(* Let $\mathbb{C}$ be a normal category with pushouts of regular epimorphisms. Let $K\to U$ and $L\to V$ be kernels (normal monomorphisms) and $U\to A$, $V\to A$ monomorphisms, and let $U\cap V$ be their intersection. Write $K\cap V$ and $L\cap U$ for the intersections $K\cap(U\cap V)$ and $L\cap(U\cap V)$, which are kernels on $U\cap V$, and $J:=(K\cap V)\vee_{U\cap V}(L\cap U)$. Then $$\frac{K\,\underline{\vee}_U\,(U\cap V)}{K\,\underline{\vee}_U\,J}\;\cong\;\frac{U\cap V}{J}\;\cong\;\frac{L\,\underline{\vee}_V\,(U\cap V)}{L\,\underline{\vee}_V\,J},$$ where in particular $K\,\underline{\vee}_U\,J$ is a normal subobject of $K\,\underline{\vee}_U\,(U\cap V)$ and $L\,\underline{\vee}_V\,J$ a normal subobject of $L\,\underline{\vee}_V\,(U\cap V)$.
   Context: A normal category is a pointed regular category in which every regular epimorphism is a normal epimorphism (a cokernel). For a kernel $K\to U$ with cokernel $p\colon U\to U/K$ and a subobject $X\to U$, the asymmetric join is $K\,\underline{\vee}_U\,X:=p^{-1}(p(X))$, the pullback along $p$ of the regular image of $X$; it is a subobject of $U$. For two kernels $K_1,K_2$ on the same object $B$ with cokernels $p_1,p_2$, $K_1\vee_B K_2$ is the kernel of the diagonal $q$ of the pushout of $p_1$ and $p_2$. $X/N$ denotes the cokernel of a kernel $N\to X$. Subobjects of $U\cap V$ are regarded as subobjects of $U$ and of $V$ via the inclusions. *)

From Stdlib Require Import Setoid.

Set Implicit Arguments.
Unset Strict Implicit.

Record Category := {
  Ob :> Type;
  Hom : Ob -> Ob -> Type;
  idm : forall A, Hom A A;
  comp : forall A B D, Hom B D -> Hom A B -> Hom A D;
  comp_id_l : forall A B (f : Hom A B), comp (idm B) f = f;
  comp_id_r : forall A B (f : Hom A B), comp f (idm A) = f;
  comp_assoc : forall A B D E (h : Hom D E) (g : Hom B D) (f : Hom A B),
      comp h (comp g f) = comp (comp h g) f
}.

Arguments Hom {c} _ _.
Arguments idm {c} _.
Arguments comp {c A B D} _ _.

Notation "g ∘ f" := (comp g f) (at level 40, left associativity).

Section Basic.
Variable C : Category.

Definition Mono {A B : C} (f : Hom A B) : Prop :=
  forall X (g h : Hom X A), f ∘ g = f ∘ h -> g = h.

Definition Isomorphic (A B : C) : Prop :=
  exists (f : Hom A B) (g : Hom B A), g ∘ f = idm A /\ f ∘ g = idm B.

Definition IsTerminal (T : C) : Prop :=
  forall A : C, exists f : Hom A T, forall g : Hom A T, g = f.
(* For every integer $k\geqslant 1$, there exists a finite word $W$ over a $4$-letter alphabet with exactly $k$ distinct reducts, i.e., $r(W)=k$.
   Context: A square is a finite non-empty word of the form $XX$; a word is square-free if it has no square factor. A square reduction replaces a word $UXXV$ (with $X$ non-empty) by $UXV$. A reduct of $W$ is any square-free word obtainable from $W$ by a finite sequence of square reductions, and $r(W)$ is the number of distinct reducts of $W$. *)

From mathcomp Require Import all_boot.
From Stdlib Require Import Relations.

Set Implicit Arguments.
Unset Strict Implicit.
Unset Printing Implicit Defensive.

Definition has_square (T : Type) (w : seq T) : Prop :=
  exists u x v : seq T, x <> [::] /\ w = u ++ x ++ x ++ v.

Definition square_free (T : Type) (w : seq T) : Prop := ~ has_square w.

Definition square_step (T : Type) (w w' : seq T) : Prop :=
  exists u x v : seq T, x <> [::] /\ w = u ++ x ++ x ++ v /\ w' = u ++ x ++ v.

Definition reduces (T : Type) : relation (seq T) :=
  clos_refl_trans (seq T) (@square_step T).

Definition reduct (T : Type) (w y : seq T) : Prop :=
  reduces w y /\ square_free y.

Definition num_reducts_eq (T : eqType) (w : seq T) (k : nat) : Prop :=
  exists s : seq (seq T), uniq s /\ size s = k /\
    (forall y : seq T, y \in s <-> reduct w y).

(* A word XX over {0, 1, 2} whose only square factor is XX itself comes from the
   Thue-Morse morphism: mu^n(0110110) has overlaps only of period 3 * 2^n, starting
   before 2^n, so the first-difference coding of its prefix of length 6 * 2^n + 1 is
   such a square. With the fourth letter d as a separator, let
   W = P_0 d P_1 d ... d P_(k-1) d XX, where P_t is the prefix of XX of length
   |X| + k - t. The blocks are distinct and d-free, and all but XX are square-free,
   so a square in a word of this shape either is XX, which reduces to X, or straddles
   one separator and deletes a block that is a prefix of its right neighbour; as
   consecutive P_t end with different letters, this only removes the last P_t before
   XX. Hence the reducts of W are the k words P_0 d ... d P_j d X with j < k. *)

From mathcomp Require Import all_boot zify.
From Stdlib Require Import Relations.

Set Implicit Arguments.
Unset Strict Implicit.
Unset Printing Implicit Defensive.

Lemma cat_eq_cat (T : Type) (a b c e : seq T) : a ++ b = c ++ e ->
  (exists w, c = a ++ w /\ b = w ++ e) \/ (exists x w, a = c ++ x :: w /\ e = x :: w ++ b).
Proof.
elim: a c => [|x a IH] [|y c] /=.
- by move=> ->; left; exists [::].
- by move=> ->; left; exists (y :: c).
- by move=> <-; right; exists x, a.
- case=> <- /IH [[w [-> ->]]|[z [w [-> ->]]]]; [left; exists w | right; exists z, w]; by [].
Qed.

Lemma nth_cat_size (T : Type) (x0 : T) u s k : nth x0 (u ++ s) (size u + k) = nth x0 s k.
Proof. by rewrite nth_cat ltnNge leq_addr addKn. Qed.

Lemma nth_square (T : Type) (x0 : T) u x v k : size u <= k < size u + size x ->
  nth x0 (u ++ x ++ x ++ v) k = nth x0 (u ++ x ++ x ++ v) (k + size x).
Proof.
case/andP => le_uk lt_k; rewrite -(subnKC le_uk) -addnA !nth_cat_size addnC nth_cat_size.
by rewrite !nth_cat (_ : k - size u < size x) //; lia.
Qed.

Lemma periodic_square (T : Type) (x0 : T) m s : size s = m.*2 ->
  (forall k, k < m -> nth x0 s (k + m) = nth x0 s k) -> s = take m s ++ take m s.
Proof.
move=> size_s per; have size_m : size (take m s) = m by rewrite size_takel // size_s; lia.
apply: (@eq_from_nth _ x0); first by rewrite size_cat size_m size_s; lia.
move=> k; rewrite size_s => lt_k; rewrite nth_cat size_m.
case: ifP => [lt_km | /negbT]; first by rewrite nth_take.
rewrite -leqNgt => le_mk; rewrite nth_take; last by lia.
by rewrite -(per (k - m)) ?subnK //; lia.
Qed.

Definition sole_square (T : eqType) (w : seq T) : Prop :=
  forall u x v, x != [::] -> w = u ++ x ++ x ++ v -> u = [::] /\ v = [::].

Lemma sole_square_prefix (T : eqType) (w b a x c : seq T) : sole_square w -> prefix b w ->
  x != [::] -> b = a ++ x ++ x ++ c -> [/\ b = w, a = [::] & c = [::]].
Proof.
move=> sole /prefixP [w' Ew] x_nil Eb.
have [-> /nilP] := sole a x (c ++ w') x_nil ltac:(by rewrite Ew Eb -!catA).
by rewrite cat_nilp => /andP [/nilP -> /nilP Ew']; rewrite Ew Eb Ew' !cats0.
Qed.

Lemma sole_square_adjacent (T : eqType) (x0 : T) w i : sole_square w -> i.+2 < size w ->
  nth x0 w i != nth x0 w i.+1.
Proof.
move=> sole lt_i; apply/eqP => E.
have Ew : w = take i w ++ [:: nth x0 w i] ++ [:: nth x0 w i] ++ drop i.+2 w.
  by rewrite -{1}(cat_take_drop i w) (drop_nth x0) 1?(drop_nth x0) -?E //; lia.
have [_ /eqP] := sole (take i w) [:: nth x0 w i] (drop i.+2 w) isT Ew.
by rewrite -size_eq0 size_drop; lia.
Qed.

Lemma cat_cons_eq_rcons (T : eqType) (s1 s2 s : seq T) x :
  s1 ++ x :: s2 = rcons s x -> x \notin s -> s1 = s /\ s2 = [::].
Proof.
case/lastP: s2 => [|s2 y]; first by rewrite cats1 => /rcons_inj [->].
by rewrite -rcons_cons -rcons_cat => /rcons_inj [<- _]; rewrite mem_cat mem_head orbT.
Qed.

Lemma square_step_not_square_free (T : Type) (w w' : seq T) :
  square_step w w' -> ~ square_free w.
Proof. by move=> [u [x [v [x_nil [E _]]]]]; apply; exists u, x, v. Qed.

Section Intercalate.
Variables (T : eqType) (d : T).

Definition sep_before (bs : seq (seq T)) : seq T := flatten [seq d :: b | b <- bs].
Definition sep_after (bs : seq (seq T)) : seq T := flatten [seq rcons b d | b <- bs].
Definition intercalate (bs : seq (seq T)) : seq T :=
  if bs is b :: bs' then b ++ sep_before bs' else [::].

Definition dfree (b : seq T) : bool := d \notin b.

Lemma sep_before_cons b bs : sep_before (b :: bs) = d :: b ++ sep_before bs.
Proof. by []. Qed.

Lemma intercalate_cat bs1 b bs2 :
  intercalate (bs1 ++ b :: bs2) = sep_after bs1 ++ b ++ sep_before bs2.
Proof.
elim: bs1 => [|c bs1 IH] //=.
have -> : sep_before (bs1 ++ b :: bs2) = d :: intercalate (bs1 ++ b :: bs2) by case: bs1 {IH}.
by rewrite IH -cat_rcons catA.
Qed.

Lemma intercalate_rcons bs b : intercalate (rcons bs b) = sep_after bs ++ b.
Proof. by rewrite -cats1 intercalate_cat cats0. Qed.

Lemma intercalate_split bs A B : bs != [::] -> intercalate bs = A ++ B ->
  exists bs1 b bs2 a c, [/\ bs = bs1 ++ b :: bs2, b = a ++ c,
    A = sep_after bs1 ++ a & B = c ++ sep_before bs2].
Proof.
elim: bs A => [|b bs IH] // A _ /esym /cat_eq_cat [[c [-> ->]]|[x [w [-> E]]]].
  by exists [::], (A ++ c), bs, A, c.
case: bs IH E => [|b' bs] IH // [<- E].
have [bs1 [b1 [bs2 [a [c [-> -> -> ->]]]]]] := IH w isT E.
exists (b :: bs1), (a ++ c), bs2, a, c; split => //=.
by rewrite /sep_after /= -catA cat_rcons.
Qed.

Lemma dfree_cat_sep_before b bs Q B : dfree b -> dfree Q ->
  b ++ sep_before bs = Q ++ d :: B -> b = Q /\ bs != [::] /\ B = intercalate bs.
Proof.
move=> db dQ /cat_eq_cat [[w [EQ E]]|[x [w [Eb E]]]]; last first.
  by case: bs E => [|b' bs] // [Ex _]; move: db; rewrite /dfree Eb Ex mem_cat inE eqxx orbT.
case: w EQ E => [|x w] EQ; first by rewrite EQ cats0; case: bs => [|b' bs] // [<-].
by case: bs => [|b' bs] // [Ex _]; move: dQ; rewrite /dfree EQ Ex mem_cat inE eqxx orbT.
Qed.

_WHAT IS EXPECTED_.
Scan the material above for the string "Require", returning each line that contains it.

_ANSWER FOR THE TASK_.
From Stdlib Require Import Setoid.
From mathcomp Require Import all_boot.
From Stdlib Require Import Relations.
From mathcomp Require Import all_boot zify.
From Stdlib Require Import Relations.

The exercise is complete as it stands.